Eppure un modo per far redistribuire meglio il capitalismo o produrre meglio del comunismo, ci sarebbe: basterebbe superare la divisione concettuale – altra invenzione umana – tra imprenditore e lavoratore.

E’ una regola del sistema quella divisione, come direbbe Nuval Harari “è una nostra invenzione” quindi la possiamo cambiare. Anche perché mantiene il feudalesimo nell’unico settore della vita dove sicuramente servirebbe più uguaglianza.

Eppure la politica acreativa lo tratta come un dogma. Quando ad esempio un imprenditore vuol chiudere lo stabilimento e mandare a casa i dipendenti, la politica ipocrita che fa? Tavoli. E i tavoli che fanno? Cercano un altro imprenditore che si prenda i lavoratori, come prende i macchinari e le sedie. E nel frattempo ci mette qualche bel denaro pubblico come ammortizzatore sociale (la cassa integrazione). Praticamente, al posto di risolvere la precarietà di quei lavoratori, trova per loro solo un altro padrone-imprenditore (sovvenzionandolo un po’ per rendere meno rischiosa l’avventura).
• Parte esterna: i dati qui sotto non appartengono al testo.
Lemma Lpn_eq N : lpk N = T -> Lpn S T p d t 0 = \sum_(0 <= j < N) term j.
Proof.
move=> hN; rewrite /Lpn; apply: lim_near_cst => //; near=> n.
have hn : (N <= n)%N by near: n; exact: nbhs_infty_ge.
rewrite (big_cat_nat _ (n := N)) //= [X in _ + X = _]big_nat_cond [X in _ + X = _]big1 ?addr0 //.
move=> j /andP[/andP[hj _] _]; apply: Lterm_after.
by rewrite (lp_after T_gt0 hN hj).
Unshelve. all: by end_near.
Qed.

Lemma Dexc_eq M : th M = T + 1 ->
  Dexc S T d t = (\sum_(0 <= i < M) ((th i.+1 <= t)%R : nat))%:R.
Proof.
move=> hM; rewrite /Dexc; apply: lim_near_cst => //; near=> n.
have hn : (M <= n)%N by near: n; exact: nbhs_infty_ge.
rewrite natr_sum (big_cat_nat _ (n := M)) //=.
rewrite [X in _ + X = _]big_nat_cond [X in _ + X = _]big1 ?addr0 //.
move=> i /andP[/andP[hi _] _].
rewrite -[hit _ _ _ _]/(th i.+1) (th_after S_cont T_gt0 d_gt0 S0 hM (leqW hi)).
by have -> : (T + 1 <= t) = false by apply/negbTE; rewrite -ltNge; move: t_le_T; lra.
Unshelve. all: by end_near.
Qed.

Lemma Dexc_ge0 : 0 <= Dexc S T d t.
Proof. by have [M hM] := th_fin S_cont T_gt0 d_gt0 S0; rewrite (Dexc_eq hM) ler0n. Qed.

Lemma local_time_lower : Dexc S T d t * w <= Lpn S T p d t 0.
Proof.
have [N hN] := lp_fin S_cont T_gt0 d_gt0 S0; have [M hM] := th_fin S_cont T_gt0 d_gt0 S0.
rewrite (Dexc_eq hM) (Lpn_eq hN).
apply: (@le_trans _ _ ((\sum_(0 <= j < N) (upstep S T d t j : nat))%:R * w)).
  rewrite ler_wpM2r ?powR_ge0 // ler_nat.
  exact: (completed_le_upsteps S_cont T_gt0 d_gt0 S0 t_le_T hN hM).
rewrite natr_sum big_distrl /=; apply: ler_sum => j _.
by case: (boolP (upstep S T d t j)) => [/Lterm_upstep ->|_]; rewrite ?mul1r ?mul0r ?Lterm_ge0.
Qed.

Lemma local_time_upper : 1 < p -> Lpn S T p d t 0 <= (Dexc S T d t + 2) * w.
Proof.
move=> hp; have [N hN] := lp_fin S_cont T_gt0 d_gt0 S0; have [M hM] := th_fin S_cont T_gt0 d_gt0 S0.
rewrite (Dexc_eq hM) (Lpn_eq hN).
apply: le_trans (ler_sum _ (fun j _ => Lterm_le j hp)) _.
rewrite -big_distrl /= ler_wpM2r ?powR_ge0 // big_split /= -!natr_sum -!natrD ler_nat.
have one_straddle : (\sum_(0 <= j < N) (straddle j : nat) <= 1)%N.
  have sep a b : (a < b)%N -> straddle a -> straddle b -> False.
    move=> /(lp_mono S d T_gt0) ab /andP[_ ta] /andP[bt _].
    by move: (le_lt_trans (le_trans ta ab) bt); rewrite ltxx.
  apply: sum_le1 => j j' _ _ hj hj'.
  by case: (ltngtP j j') => // /sep; [move/(_ hj hj') | move/(_ hj' hj)].
have := upsteps_le_completed S_cont T_gt0 d_gt0 S0 t_le_T hN hM.
by move=> /leq_add /(_ one_straddle) /leq_trans; apply; rewrite add1n addn1 addn2.
Qed.

End DiscreteLocalTime.

Lemma delta_gt0 (R : realType) n : 0 < delta R n.
Proof. by rewrite /delta invr_gt0 exprn_gt0. Qed.

Lemma delta_powRD (R : realType) (q r : R) n :
  delta R n `^ (q + r) = delta R n `^ q * delta R n `^ r.
Proof. by rewrite powRD // (gt_eqF (delta_gt0 R n)) implybT. Qed.

(* delta_n ^ q -> 0 for every q > 0: it is the geometric sequence (2^-q)^n. *)
Lemma delta_powR_cvg0 (R : realType) (q : R) : 0 < q ->
  (fun n => delta R n `^ q) @ \oo --> 0.
Proof.
move=> q_gt0; set r := (2^-1 : R) `^ q.
have r_ge0 : 0 <= r by apply: powR_ge0.
have r_lt1 : r < 1.
  have : (2^-1 : R) `^ q < 1 `^ q.
    by apply: gt0_ltr_powR; rewrite ?nnegrE ?invr_ge0 // invf_lt1 // ltr1n.
  by rewrite powR1.
have -> : (fun n => delta R n `^ q) = (fun n => r ^+ n).
  apply/funext => n; rewrite /delta -exprVn -powR_mulrn ?invr_ge0 //.
  by rewrite -powRrM mulrC powRrM powR_mulrn.
by apply: cvg_expr; rewrite ger0_norm.
Qed.

Lemma local_time_cvg (R : realType) (S : R -> R) (T p : R) (L : R -> R -> R) t x :
  has_cont_local_time S T p L -> 0 <= t <= T ->
  (fun n => Lpn S T p (delta R n) t x) @ \oo --> L t x.
Proof.
move=> [unif _] ht; apply/cvgrPdist_lt => e he.
have [N hN] := unif e he; near=> n; rewrite distrC; apply: hN => //.
by near: n; exact: nbhs_infty_ge.
Unshelve. all: by end_near.
Qed.

Section Asymptotics.
Variables (R : realType) (p l : R) (D Lt : nat -> R).
Hypotheses (l_gt0 : 0 < l) (D_ge0 : forall n, 0 <= D n).
Hypothesis Lt_cvg : Lt @ \oo --> l.
Hypothesis lower : forall n, D n * delta R n `^ (p - 1) <= Lt n.

Local Notation w n := (delta R n `^ (p - 1)).

(* p < 2: delta_n D_n = delta_n^(2-p) (D_n delta_n^(p-1)) <= delta_n^(2-p) Lt_n -> 0. *)
Lemma small_p_cvg : p < 2 -> (fun n => delta R n * D n) @ \oo --> 0.
Proof.
move=> p_lt2; have q_gt0 : 0 < 2 - p by rewrite subr_gt0.
have bound : \forall n \near \oo, 0 <= delta R n * D n <= delta R n `^ (2 - p) * Lt n.
  near=> n; rewrite (mulr_ge0 (ltW (delta_gt0 R n)) (D_ge0 n)) /=.
  have split_delta : delta R n = delta R n `^ (2 - p) * w n.
    rewrite -delta_powRD (_ : 2 - p + (p - 1) = 1); last by ring.
    by rewrite powRr1 // ltW // delta_gt0.
  by rewrite {1}split_delta -mulrA (mulrC (w n)) ler_wpM2l ?powR_ge0.
apply: (squeeze_cvgr bound (cvg_cst 0)).
by rewrite -(mul0r l); apply: cvgM => //; exact: delta_powR_cvg0.
Unshelve. all: by end_near.
Qed.

Lemma scaled_count_cvg : 1 < p -> (forall n, Lt n <= (D n + 2) * w n) ->
  (fun n => D n * w n) @ \oo --> l.
Proof.
move=> p_gt1 upper.
have bound : \forall n \near \oo, Lt n - 2 * w n <= D n * w n <= Lt n.
  by near=> n; rewrite lower andbT lerBlDr -mulrDl upper.
apply: (squeeze_cvgr bound _ Lt_cvg).
rewrite -[l]subr0 -(mulr0 2); apply: cvgB => //; apply: cvgM; first exact: cvg_cst.
by apply: delta_powR_cvg0; rewrite subr_gt0.
Unshelve. all: by end_near.
Qed.

Section LimitKnown.
Hypothesis Dw_cvg : (fun n => D n * w n) @ \oo --> l.

(* p > 2: delta_n D_n = (D_n delta_n^(p-1)) / delta_n^(p-2) blows up, since
   the numerator is eventually >= l/2 and the denominator tends to 0. *)
Lemma large_p_cvgy : 2 < p -> (fun n => delta R n * D n) @ \oo --> +oo.
Proof.
move=> p_gt2; apply/cvgryPge => A; set c := `|A| + 1.
have c_gt0 : 0 < c by rewrite ltr_wpDl.
have b_cvg := delta_powR_cvg0 (ltac:(by rewrite subr_gt0) : 0 < p - 2).
near=> n.
have b_small : delta R n `^ (p - 2) <= l / (2 * c).
  by near: n; apply: cvgr_le b_cvg _ _; rewrite divr_gt0 ?mulr_gt0.
have Dw_large : l / 2 <= D n * w n.
  by near: n; apply: cvgr_ge Dw_cvg _ _; rewrite ltr_pdivrMr ?ltr_pMr ?ltr1n.
set b := delta R n `^ (p - 2) in b_small *.
have b_gt0 : 0 < b by apply: powR_gt0; exact: delta_gt0.
have w_eq : w n = b * delta R n.
  rewrite -[X in _ * X](powRr1 (ltW (delta_gt0 R n))) /b -delta_powRD.
  by congr (_ `^ _); ring.
rewrite w_eq in Dw_large; move: b_small; rewrite ler_pdivlMr ?mulr_gt0 // => b_small.
have : c * b <= delta R n * D n * b.
  by rewrite (_ : delta R n * D n * b = D n * (b * delta R n)); [nra | ring].
rewrite ler_pM2r // => c_le.
by apply: le_trans (ler_norm A) _; apply: le_trans c_le; rewrite /c lerDl ler01.
Unshelve. all: by end_near.
Qed.

Lemma large_p_ratio : (fun n => D n / (l / w n)) @ \oo --> (1 : R).
Proof.
have -> : (fun n => D n / (l / w n)) = (fun n => D n * w n * l^-1).
  by apply/funext => n; rewrite invfM invrK mulrCA mulrC.
by rewrite -[X in _ --> X](divff (lt0r_neq0 l_gt0)); exact: (cvgMr_tmp (b := l^-1) Dw_cvg).
Qed.

Lemma p_two_cvg : p = 2 -> (fun n => delta R n * D n) @ \oo --> l.
Proof.
move=> p2; rewrite (_ : (fun n => delta R n * D n) = (fun n => D n * w n)) //.
apply/funext => n; rewrite mulrC p2 (_ : 2 - 1 = 1 :> R); last by ring.
by rewrite powRr1 // ltW // delta_gt0.
Qed.

End LimitKnown.
End Asymptotics.

Theorem mainTheorem6 (R : realType) (p T : R) (S : R -> R) (L : R -> R -> R) :
  1 <= p -> 0 < T ->
  {within `[0, T], continuous S} -> S 0 = 0 ->
  has_cont_local_time S T p L ->
  (forall t, 0 < t <= T -> 0 < L t 0) ->
  forall t : R, 0 < t <= T ->
  [/\ (p < 2 -> (fun n => delta R n * Dexc S T (delta R n) t) @ \oo --> 0),
      (2 < p -> (fun n => delta R n * Dexc S T (delta R n) t) @ \oo --> +oo /\
                (fun n => Dexc S T (delta R n) t / (L t 0 / delta R n `^ (p - 1)))
                  @ \oo --> (1 : R))
    & (p = 2 -> (fun n => delta R n * Dexc S T (delta R n) t) @ \oo --> L t 0)].
Proof.
move=> _ T_gt0 S_cont S0 hL L_pos t /andP[t_gt0 t_le_T].
pose D n := Dexc S T (delta R n) t.
pose Lt n := Lpn S T p (delta R n) t 0.
have l_gt0 : 0 < L t 0 by apply: L_pos; rewrite t_gt0.
have D_ge0 n : 0 <= D n := Dexc_ge0 S_cont T_gt0 (delta_gt0 R n) S0 t_le_T.
have Lt_cvg : Lt @ \oo --> L t 0 by apply: local_time_cvg hL _; rewrite (ltW t_gt0).
have lower n : D n * delta R n `^ (p - 1) <= Lt n.
  exact: (local_time_lower p S_cont T_gt0 (delta_gt0 R n) S0 t_le_T).
have Dw_cvg (p_gt1 : 1 < p) := scaled_count_cvg Lt_cvg lower p_gt1
  (fun n => local_time_upper S_cont T_gt0 (delta_gt0 R n) S0 t_le_T p_gt1).
split => [p_lt2|p_gt2|p2].
- exact: (small_p_cvg D_ge0 Lt_cvg lower p_lt2).
- have p_gt1 : 1 < p by apply: lt_trans p_gt2; rewrite ltr1n.
  have Dw := Dw_cvg p_gt1.
  by split; [exact: (large_p_cvgy l_gt0 Dw p_gt2) | exact: (large_p_ratio l_gt0 Dw)].
- by apply: (p_two_cvg _ p2); apply: Dw_cvg; rewrite p2 ltr1n.
Qed.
Davanti a scene così mi sono sempre chiesto perché non superare quel dogma.

Basta un cambiamento del sistema, in due mosse. Unire il contratto di lavoro al contratto di società e il contratto di società al contratto di relazione.

Difficile da capire detto così? Lo spiego meglio: quando una società ti assume, a tempo indeterminato, tu ne diventi socio. Quanto socio? Una quota progressiva ogni anno, come il tfr. E più progredisci nelle quote più avrai voce in capitolo in assemblea soci più potrai decidere le sorti del posto in cui passi tre quinti del tuo tempo da sveglio (con l’attuale età pensionabile e le prospettive future… per almeno quarant’anni). Come redistribuisce questo sistema? Con gli utili. E se la società perde? Beh è un problema della società. Quindi te, da socio, ti devi impegnare democraticamente all’interno per fare in modo che i problemi non ci siano.

Questo sarebbe “unire il contratto di lavoro al contratto di società”.

Cos’è invece “unire il contratto di società al contratto di relazione”? E’ dire che può avere quote di una società solo chi ha con questa un rapporto economico reale. Compri i miei prodotti? Puoi pagare un po’ del prezzo acquisendo mie quote. Io compro i tuoi servizi? Posso pagare un po’ del prezzo di questi acquisendo le tue quote. L’azionariato diventa come la cittadinanza, non si può dare via solo per speculare. Quindi via l’azionariato dal mercato finanziario.

Sono due idee creative per risolvere un grande problema reale: farci fare economia – cioè scambiare beni e servizi – e redistribuire meglio il benessere affinché nessuno sia bisognoso. Sono idee eretiche? La creatività per sua natura cerca sempre di essere prima di tutto vera e solo dopo “accettata”.